▸ **Requirement**
Among the entries below, one stretch runs from the line that contains "Lemma points_to_back e" through the line that contains "case: ifPn => [desc_e|/(nondescending_ascending". Repeat that stretch exactly, ends included, and only that.

Task input Start Marker

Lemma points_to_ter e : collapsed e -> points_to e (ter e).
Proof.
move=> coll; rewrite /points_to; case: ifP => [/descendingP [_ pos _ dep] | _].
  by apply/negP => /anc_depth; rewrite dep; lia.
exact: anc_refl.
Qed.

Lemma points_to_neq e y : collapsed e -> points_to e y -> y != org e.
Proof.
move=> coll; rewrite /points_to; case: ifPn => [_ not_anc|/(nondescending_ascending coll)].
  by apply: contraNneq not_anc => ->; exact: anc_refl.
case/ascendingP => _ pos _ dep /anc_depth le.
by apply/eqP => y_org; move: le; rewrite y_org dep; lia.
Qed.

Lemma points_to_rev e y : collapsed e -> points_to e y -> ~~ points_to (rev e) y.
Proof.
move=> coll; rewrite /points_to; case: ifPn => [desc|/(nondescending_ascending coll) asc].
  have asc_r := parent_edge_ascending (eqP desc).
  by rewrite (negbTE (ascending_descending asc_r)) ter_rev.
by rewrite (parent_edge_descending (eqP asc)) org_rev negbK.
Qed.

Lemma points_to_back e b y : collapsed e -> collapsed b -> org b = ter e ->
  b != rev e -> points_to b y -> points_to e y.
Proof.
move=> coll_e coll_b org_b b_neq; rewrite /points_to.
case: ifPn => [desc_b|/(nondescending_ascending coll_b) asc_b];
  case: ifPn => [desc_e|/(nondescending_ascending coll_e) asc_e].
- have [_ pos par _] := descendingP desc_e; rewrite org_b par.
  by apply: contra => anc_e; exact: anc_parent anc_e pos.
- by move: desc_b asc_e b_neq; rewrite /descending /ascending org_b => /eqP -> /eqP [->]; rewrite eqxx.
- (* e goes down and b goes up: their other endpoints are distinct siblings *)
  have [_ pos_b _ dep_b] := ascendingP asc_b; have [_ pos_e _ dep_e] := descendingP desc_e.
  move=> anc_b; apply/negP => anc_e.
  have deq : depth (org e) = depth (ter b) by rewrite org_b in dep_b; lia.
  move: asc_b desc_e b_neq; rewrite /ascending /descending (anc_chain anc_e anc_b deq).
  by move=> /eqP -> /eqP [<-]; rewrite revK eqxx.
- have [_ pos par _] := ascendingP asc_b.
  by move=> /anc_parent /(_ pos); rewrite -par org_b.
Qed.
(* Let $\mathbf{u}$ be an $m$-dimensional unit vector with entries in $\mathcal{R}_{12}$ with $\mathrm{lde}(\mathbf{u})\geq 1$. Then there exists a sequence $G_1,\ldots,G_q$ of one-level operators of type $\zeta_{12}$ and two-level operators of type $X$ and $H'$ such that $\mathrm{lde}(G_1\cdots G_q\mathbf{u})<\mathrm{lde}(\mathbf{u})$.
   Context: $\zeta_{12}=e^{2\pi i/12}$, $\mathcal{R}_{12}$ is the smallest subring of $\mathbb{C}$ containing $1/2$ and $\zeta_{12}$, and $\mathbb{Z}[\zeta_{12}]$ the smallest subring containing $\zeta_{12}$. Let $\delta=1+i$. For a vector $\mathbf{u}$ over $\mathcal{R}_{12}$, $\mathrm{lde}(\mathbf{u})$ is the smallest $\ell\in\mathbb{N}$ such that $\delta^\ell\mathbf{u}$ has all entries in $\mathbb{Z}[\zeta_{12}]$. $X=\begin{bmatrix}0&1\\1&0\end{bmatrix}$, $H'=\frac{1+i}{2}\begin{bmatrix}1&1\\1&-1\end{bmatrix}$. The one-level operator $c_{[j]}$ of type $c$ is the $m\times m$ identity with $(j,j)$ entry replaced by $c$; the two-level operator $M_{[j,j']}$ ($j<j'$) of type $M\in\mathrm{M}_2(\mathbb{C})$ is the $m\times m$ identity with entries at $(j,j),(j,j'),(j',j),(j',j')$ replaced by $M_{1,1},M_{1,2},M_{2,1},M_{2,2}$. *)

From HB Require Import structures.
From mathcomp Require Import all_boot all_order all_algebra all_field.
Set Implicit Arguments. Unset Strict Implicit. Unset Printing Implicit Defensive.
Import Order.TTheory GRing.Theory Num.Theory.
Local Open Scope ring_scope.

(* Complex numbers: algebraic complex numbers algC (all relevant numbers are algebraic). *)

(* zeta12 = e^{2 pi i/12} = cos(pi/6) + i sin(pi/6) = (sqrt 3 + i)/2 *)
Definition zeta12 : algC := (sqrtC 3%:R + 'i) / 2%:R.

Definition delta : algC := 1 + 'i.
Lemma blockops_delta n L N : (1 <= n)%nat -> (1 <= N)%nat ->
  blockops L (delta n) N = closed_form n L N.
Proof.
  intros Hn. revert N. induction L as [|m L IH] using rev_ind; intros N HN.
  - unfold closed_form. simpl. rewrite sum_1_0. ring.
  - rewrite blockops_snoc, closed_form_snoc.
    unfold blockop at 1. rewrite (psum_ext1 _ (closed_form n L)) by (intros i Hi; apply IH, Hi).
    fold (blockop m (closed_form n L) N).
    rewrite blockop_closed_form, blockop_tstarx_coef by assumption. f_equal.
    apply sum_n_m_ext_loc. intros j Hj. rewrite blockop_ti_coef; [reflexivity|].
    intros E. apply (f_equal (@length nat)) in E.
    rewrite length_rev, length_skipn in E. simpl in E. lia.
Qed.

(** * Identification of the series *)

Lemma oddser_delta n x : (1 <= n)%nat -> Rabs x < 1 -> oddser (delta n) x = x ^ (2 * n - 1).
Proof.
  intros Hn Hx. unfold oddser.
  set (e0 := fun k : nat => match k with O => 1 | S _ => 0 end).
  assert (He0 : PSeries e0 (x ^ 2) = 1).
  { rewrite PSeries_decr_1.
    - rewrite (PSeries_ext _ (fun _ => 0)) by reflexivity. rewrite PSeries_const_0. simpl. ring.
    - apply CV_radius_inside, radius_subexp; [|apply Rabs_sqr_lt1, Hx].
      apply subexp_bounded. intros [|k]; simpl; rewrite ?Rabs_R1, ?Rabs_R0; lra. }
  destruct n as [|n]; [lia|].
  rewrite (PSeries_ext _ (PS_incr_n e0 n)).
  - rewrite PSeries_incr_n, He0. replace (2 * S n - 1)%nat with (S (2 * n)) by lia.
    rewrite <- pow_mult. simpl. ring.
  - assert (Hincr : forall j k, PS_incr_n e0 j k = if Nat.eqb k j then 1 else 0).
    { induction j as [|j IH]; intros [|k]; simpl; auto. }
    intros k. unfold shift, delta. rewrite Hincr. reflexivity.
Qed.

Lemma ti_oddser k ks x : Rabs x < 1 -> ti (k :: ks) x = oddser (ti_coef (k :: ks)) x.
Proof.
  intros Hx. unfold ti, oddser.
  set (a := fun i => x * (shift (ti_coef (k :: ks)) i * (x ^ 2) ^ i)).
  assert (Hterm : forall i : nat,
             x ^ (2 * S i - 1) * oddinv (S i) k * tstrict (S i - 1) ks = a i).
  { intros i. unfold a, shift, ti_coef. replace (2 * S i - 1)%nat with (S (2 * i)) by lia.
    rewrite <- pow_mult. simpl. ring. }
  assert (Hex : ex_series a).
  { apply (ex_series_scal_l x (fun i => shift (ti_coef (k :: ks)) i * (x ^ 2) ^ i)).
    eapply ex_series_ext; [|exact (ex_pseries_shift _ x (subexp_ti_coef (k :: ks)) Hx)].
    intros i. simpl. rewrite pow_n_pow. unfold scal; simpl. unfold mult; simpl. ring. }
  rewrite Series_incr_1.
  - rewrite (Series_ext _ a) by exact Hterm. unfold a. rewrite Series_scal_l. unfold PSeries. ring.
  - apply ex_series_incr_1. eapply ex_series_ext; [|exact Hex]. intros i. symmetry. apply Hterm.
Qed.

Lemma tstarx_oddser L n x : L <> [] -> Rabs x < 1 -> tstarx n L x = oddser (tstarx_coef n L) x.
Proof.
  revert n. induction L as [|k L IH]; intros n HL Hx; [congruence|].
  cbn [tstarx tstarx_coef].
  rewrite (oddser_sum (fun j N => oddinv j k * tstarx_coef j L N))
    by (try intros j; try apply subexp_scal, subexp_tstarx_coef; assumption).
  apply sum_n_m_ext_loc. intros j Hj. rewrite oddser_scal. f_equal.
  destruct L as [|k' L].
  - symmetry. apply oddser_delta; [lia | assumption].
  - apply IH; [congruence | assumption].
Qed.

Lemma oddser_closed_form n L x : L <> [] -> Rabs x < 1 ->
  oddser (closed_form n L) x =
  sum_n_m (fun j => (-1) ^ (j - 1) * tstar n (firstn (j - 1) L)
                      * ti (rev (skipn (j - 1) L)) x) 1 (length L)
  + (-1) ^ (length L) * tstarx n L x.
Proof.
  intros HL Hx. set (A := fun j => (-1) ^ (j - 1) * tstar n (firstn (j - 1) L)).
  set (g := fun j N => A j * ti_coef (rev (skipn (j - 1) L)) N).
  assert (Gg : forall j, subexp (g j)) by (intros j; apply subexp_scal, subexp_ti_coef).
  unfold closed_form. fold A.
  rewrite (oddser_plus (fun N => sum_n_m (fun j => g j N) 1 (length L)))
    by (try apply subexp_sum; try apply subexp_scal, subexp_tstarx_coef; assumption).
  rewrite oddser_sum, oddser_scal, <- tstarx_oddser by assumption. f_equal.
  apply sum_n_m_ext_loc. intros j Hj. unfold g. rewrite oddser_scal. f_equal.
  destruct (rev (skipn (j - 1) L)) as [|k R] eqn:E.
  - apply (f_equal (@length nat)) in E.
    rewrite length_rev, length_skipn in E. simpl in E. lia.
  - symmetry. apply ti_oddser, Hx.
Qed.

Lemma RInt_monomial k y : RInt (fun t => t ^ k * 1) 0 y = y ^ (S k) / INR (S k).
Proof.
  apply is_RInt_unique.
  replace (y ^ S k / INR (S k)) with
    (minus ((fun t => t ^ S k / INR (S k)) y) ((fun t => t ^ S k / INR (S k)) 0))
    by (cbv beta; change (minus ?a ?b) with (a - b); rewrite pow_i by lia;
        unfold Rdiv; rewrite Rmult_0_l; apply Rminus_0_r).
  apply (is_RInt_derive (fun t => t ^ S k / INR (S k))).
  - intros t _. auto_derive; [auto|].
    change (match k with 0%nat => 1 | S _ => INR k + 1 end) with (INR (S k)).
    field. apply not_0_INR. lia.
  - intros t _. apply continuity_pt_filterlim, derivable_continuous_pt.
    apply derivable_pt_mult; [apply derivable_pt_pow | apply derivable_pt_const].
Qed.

Task input End Marker

▸ **Output of the exercise**
Lemma points_to_back e b y : collapsed e -> collapsed b -> org b = ter e ->
  b != rev e -> points_to b y -> points_to e y.
Proof.
move=> coll_e coll_b org_b b_neq; rewrite /points_to.
case: ifPn => [desc_b|/(nondescending_ascending coll_b) asc_b];
  case: ifPn => [desc_e|/(nondescending_ascending coll_e) asc_e].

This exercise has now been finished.